X = precipitation.values.reshape(-1, 1)
y = discharge.values

In [37]:
model = LinearRegression()
model.fit(X, y)

In [38]:
regression_data = pd.DataFrame({
    'Precipitation': precipitation,
    'Discharge': discharge,
    'Predicted Discharge': model.predict(X)
})

In [39]:
# Scatter plot with regression line using Altair
scatter_plot = alt.Chart(regression_data).mark_point().encode(
    x='Precipitation',
    y='Discharge',
    tooltip=['Precipitation', 'Discharge']
)

regression_line = alt.Chart(regression_data).mark_line(color='red').encode(
    x='Precipitation',
    y='Predicted Discharge'
)

(scatter_plot + regression_line).properties(
    width=600,
    height=400,
    title=f'Linear Regression: Precipitation vs Discharge (r={correlation:.2f})'
).show()

# Summary of regression
print(f"Regression Coefficient (Slope): {model.coef_[0]:.3f}")
print(f"Intercept: {model.intercept_:.3f}")

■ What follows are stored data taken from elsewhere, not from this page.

(* All three revenues are linear in the trip time D (the time spent carrying
   customers) and the driving time T of a fleet flow, with rA = rC + pi.
   If some budget-feasible AV flow already attains the largest possible trip
   time (case (ii), or case (i) when the residual CV commission vanishes), then
   exceeding the budget cannot raise rA, so rA xhA bounds the AV revenue of
   every flow within the demand, in particular of xA + xC, which is at least
   rA xA + pi xC.  Otherwise the residual CVs earn rC > 0; moving from a
   budget-feasible xA towards xhA + xhC until the budget binds and using the
   optimality of xhA there gives rC xA <= rC xhA, and as CVs can only serve the
   demand left by xA, pi xC <= p R D(residual of xA); these add up to the
   claim.  A CV optimum with rC <= 0 earns no commission, as 0 is then also
   optimal. *)

Lemma exists_mix_eq (R : realFieldType) (u v w : R) :
  u <= w -> w < v -> exists2 mu, 0 <= mu < 1 & (1 - mu) * u + mu * v = w.
Proof.
move=> uw wv; have vu_gt0 : 0 < v - u by rewrite subr_gt0 (le_lt_trans uw).
exists ((w - u) / (v - u)); last by field; rewrite gt_eqF.
by rewrite divr_ge0 ?(ltW vu_gt0) ?subr_ge0 //= ltr_pdivrMr // mul1r ltrD2r.
Qed.

(* (Dx, Tx), (Dh, Th), (Dt, Tt): trip and driving times of x, xhA and xt; the
   last hypothesis says that the budget-feasible mix (1 - mu) x + mu (xhA + xt)
   earns no more AV revenue than xhA. *)
Lemma mix_rC_le (R : realFieldType) (p c Rc Dx Tx Dh Th Dt Tt mu : R) :
  0 <= c -> 0 <= Rc <= 1 -> 0 <= mu < 1 ->
  Th <= (1 - mu) * Tx + mu * (Th + Tt) ->
  0 <= p * (1 - Rc) * Dt - c * Tt ->
  (1 - mu) * (p * Dx - c * Tx) + mu * ((p * Dh - c * Th) + (p * Dt - c * Tt))
    <= p * Dh - c * Th ->
  p * (1 - Rc) * Dx - c * Tx <= p * (1 - Rc) * Dh - c * Th.
Proof.
move=> c_ge0 /andP[Rc_ge0 Rc_le1] /andP[mu_ge0 mu_lt1] Th_le rCt_ge0 rA_le.
have subRc_ge0 : 0 <= 1 - Rc by rewrite subr_ge0.
have submu_gt0 : 0 < 1 - mu by rewrite subr_gt0.
rewrite -subr_ge0 -(pmulr_rge0 _ submu_gt0).
have := ler_wpM2l subRc_ge0 rA_le.
have : 0 <= mu * (p * (1 - Rc) * Dt - c * Tt) by rewrite mulr_ge0.
have : 0 <= Rc * c * ((1 - mu) * Tx + mu * (Th + Tt) - Th).
  by rewrite !mulr_ge0 // subr_ge0.
nra.
Qed.

Section Model.
Variables (R : realType) (L : nat).
Notation mat := ('I_L -> 'I_L -> R).
Variables (b t : mat) (p c Rc N M : R).

Notation rA := (rA b t p c).
Notation rC := (rC b t p c Rc).
Notation tau := (tau b t).
Notation piCV := (piCV b t p Rc).
Notation CV_feasible := (CV_feasible b).
Notation CV_opt := (CV_opt b t p c Rc N).

Definition comb (al be : R) (x y : mat) : mat :=
  fun i a => al * x i a + be * y i a.

Definition trip_time (v : 'I_L -> R) : R := \sum_(a < L) Dbar b t a * v a.

Lemma lin_comb (w : mat) al be x y :
  lin w (comb al be x y) = al * lin w x + be * lin w y.
Proof.
rewrite /lin /comb !mulr_sumr -big_split; apply: eq_bigr => i _.
rewrite !mulr_sumr -big_split; apply: eq_bigr => a _ /=; ring.
Qed.

Lemma inflow_comb al be x y i :
  inflow (comb al be x y) i = al * inflow x i + be * inflow y i.
Proof. by rewrite /inflow /comb big_split /= -!mulr_sumr. Qed.

Lemma nonneg_comb al be x y : 0 <= al -> 0 <= be -> nonneg x -> nonneg y ->
  nonneg (comb al be x y).
Proof. by move=> al_ge0 be_ge0 x_ge0 y_ge0 i a; rewrite addr_ge0 ?mulr_ge0. Qed.

Lemma flow_balance_comb al be x y : flow_balance b x -> flow_balance b y ->
  flow_balance b (comb al be x y).
Proof.
move=> x_bal y_bal i; rewrite /comb big_split /= -!mulr_sumr -x_bal -y_bal.
rewrite !mulr_sumr -big_split; apply: eq_bigr => j _ /=.
rewrite big_split /= -!mulr_sumr; ring.
Qed.

Lemma lin_Dbar_tau al be x :
  lin (fun i a => al * Dbar b t a - be * tau i a) x
  = al * trip_time (inflow x) - be * lin tau x.
Proof.
transitivity (al * lin (fun _ a => Dbar b t a) x - be * lin tau x).
  rewrite /lin !mulr_sumr -sumrB; apply: eq_bigr => i _.
  by rewrite !mulr_sumr -sumrB; apply: eq_bigr => a _; ring.
congr (_ * _ - _); rewrite /lin /trip_time /inflow exchange_big /=.
by apply: eq_bigr => a _; rewrite mulr_sumr.
Qed.

Lemma lin_rA x : lin rA x = p * trip_time (inflow x) - c * lin tau x.
Proof. exact: lin_Dbar_tau. Qed.

Lemma lin_rC x : lin rC x = p * (1 - Rc) * trip_time (inflow x) - c * lin tau x.
Proof. exact: lin_Dbar_tau. Qed.

Lemma piCV_trip_time x : piCV x = p * Rc * trip_time (inflow x).
Proof.
have := lin_Dbar_tau (p * Rc) 0 x; rewrite mul0r subr0 => <-.
by apply: eq_bigr => i _; apply: eq_bigr => a _; rewrite mul0r subr0.
Qed.

Lemma trip_time_residual x :
  trip_time (residual b x) = trip_time (brate b) - trip_time (inflow x).
Proof. by rewrite /trip_time -sumrB; apply: eq_bigr => a _; rewrite mulrBr. Qed.

Lemma lin0 (w : mat) : lin w (fun _ _ => 0) = 0.
Proof. by rewrite /lin big1 // => i _; rewrite big1 // => a _; rewrite mulr0. Qed.

Lemma eq_trip_time u v : u =1 v -> trip_time u = trip_time v.
Proof. by move=> uv; apply: eq_bigr => a _; rewrite uv. Qed.

Hypothesis b_ge0 : forall i j, 0 <= b i j.
Hypothesis brate_gt0 : forall i, 0 < brate b i.
Hypothesis t_gt0 : forall i j, i != j -> 0 < t i j.
Hypothesis t_diag : forall i, t i i = 0.
Hypothesis p_gt0 : 0 < p.
Hypothesis c_ge0 : 0 <= c.
Hypothesis Rc_gt0 : 0 < Rc.
Hypothesis Rc_lt1 : Rc < 1.

Lemma Dbar_ge0 a : 0 <= Dbar b t a.
Proof.
apply: sumr_ge0 => j _; apply: mulr_ge0; first by rewrite divr_ge0 // ltW.
by case: (eqVneq a j) => [->|/t_gt0/ltW //]; rewrite t_diag.
Qed.

Lemma ler_trip_time u v : (forall a, u a <= v a) -> trip_time u <= trip_time v.
Proof. by move=> uv; apply: ler_sum => a _; rewrite ler_wpM2l ?Dbar_ge0. Qed.

Lemma trip_time_ge0 v : (forall a, 0 <= v a) -> 0 <= trip_time v.
Proof. by move=> v_ge0; apply: sumr_ge0 => a _; rewrite mulr_ge0 ?Dbar_ge0. Qed.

# Encourage students to experiment with other pairs of variables
print("\nTry analyzing other pairs like temperature vs discharge, or SWE vs discharge!")

Regression Coefficient (Slope): 0.955
Intercept: 104.635

Try analyzing other pairs like temperature vs discharge, or SWE vs discharge!